(Records from a dataset)

══════

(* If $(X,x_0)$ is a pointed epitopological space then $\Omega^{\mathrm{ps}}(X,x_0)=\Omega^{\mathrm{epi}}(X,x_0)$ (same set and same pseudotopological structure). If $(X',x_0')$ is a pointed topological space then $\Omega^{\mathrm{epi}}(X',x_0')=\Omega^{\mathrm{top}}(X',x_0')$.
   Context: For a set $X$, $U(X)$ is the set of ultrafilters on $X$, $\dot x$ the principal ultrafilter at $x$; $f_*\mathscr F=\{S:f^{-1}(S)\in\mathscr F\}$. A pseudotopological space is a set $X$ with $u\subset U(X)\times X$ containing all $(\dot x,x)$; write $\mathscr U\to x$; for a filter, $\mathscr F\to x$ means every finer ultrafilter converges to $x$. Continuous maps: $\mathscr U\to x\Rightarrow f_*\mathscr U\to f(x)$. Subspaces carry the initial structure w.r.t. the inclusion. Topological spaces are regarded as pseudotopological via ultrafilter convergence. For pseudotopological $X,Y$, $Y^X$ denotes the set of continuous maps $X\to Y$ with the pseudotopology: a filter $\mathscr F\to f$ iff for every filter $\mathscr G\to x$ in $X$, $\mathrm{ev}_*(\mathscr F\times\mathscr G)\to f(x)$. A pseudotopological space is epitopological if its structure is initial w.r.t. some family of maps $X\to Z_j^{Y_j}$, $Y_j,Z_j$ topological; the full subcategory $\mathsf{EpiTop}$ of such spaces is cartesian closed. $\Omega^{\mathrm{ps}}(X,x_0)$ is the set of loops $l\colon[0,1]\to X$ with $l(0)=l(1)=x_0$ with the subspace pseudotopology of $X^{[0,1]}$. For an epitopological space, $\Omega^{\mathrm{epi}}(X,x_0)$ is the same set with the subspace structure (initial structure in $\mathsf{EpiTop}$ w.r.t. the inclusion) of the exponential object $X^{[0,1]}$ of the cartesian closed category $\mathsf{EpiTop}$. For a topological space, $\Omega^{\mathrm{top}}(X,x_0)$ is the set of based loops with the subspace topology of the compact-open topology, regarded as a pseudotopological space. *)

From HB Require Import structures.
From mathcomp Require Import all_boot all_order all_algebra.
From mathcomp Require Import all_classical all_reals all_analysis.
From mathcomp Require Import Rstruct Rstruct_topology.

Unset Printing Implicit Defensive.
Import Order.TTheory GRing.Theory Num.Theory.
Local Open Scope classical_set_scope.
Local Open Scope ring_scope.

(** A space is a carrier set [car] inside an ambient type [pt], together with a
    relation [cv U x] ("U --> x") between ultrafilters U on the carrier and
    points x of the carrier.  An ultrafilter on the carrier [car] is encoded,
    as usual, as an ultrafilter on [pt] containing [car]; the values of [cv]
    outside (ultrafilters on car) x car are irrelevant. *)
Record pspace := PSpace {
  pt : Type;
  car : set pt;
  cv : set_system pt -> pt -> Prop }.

══════

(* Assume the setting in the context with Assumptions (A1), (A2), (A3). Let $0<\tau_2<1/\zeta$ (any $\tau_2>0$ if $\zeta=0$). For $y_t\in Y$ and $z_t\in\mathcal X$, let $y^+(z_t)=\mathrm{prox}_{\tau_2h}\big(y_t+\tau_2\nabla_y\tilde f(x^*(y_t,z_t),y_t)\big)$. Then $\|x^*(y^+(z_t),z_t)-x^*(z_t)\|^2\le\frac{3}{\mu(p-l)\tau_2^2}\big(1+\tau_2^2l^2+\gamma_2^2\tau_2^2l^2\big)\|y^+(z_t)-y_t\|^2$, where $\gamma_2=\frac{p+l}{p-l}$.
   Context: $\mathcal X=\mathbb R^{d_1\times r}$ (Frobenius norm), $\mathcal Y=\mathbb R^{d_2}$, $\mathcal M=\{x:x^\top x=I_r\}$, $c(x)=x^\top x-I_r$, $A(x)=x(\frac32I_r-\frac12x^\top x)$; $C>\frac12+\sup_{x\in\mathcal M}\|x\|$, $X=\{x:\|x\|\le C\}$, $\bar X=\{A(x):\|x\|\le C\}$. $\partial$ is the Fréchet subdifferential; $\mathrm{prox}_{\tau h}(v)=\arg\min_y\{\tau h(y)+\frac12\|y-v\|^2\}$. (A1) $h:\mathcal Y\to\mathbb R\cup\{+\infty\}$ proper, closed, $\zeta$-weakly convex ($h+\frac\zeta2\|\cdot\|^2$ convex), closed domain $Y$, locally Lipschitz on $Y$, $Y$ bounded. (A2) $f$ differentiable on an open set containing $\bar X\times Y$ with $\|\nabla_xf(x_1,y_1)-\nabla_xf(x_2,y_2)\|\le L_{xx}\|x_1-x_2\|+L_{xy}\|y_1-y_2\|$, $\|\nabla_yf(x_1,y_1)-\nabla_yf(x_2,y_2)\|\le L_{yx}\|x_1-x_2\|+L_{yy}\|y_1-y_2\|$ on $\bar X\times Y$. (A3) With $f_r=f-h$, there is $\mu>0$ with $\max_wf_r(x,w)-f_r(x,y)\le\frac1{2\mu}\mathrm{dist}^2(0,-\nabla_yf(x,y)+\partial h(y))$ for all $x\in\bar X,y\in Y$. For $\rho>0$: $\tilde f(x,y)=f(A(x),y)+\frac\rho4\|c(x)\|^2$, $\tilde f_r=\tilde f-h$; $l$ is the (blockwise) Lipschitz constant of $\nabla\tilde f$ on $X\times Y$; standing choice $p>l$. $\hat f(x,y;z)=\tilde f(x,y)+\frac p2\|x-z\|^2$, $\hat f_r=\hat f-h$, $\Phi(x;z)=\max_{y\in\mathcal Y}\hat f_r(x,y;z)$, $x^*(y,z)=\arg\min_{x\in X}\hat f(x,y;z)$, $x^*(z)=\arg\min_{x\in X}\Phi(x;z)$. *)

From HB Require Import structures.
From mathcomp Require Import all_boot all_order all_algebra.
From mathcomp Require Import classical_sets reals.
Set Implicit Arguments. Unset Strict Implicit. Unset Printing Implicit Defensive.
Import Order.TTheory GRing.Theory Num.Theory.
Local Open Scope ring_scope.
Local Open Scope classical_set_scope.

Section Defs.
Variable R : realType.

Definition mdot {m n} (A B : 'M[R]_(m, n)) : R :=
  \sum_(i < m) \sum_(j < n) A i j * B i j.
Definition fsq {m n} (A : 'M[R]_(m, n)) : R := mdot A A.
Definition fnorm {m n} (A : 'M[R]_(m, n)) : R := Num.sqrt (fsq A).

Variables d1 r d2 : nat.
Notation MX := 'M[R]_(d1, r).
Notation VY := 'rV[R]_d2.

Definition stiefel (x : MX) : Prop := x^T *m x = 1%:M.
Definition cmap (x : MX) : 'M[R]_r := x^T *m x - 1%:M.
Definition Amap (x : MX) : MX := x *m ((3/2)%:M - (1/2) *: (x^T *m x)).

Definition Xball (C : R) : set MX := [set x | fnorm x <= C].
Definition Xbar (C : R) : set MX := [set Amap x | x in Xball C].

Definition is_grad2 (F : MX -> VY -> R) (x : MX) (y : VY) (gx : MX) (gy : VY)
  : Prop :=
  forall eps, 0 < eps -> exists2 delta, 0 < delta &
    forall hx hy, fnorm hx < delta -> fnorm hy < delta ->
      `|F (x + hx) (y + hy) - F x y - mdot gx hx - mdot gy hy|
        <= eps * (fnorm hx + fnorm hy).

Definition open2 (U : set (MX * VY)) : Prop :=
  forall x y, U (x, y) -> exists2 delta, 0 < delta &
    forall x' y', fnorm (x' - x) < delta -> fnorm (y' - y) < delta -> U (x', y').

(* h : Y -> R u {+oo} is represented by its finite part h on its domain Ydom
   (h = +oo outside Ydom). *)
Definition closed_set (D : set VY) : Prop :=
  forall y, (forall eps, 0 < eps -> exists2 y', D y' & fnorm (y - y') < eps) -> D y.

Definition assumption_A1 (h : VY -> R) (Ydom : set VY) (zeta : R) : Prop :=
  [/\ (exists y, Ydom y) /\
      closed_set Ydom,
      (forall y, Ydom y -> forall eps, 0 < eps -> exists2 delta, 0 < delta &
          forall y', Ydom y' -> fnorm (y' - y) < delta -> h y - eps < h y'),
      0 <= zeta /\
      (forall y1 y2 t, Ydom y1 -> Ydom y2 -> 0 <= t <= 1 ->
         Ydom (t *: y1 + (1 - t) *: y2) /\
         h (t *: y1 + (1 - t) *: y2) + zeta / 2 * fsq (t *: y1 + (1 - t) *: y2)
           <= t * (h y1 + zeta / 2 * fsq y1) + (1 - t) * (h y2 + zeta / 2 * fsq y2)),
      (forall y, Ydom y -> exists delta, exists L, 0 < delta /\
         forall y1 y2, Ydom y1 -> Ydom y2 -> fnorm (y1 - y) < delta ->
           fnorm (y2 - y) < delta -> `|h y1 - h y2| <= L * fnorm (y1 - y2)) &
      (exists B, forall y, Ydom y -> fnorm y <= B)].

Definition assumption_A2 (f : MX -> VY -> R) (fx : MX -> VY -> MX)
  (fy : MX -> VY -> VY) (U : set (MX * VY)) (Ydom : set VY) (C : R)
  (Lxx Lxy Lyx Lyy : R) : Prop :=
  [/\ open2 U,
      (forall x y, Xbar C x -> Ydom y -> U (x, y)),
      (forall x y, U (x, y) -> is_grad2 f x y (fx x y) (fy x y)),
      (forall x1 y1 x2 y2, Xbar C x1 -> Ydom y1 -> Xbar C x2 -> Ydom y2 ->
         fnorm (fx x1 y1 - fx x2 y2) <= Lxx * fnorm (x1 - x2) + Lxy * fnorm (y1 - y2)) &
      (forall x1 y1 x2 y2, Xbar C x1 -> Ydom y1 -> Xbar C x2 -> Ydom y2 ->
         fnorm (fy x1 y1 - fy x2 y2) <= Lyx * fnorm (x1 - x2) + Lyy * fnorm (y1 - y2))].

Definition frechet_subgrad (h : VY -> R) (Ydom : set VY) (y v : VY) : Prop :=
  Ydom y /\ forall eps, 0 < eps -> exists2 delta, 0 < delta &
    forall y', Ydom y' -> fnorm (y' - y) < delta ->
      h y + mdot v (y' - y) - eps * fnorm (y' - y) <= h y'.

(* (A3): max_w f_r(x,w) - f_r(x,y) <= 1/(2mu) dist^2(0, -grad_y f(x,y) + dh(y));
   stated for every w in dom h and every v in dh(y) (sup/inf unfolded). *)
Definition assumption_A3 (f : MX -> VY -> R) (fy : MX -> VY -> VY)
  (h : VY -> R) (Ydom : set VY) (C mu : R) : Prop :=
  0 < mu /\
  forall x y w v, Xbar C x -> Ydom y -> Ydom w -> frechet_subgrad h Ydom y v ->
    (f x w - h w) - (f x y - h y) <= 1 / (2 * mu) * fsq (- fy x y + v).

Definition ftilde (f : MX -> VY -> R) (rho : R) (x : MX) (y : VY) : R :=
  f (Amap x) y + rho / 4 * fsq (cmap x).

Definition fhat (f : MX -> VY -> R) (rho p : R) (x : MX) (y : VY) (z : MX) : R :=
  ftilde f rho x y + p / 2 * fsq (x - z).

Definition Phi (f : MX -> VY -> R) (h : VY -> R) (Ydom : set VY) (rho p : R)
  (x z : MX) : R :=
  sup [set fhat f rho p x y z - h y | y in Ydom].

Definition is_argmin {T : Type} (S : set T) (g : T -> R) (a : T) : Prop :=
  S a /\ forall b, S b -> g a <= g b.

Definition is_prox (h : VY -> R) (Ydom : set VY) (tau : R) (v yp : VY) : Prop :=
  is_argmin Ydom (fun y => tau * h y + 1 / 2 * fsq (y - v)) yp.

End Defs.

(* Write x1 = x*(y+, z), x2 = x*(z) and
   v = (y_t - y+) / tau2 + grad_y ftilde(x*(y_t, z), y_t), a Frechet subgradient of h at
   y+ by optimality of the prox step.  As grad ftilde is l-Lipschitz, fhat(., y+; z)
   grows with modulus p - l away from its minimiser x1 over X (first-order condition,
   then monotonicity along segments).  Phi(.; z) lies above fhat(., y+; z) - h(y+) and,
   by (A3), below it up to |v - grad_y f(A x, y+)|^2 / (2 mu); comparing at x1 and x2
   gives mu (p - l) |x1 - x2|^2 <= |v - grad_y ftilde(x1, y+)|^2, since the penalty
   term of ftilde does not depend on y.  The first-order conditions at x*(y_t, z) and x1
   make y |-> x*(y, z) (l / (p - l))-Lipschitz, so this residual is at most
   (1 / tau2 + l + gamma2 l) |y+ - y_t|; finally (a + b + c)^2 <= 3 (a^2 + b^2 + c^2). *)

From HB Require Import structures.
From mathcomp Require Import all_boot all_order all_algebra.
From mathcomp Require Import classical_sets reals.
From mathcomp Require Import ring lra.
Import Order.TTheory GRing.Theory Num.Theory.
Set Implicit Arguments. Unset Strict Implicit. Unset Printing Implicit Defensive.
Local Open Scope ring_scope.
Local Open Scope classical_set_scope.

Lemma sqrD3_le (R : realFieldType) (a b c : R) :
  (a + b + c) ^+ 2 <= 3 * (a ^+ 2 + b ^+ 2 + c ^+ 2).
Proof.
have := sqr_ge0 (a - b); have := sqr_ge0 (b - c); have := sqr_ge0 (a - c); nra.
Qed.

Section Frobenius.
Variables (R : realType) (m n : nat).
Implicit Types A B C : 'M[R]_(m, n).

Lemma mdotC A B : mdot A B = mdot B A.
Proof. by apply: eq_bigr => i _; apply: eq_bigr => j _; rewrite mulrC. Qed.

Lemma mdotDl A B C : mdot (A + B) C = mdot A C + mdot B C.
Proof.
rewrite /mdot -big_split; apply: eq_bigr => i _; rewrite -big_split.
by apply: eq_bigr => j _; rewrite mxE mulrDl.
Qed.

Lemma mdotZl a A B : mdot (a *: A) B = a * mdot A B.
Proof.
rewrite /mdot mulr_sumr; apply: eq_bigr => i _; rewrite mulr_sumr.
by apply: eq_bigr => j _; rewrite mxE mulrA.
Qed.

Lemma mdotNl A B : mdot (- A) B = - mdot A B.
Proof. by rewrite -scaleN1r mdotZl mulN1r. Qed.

══════

▶ _WHAT YOU NEED TO DO_
After reading the entries above, state how many lines hold the word "Xball", with no text besides the number.

▶ _WORKED SOLUTION_
2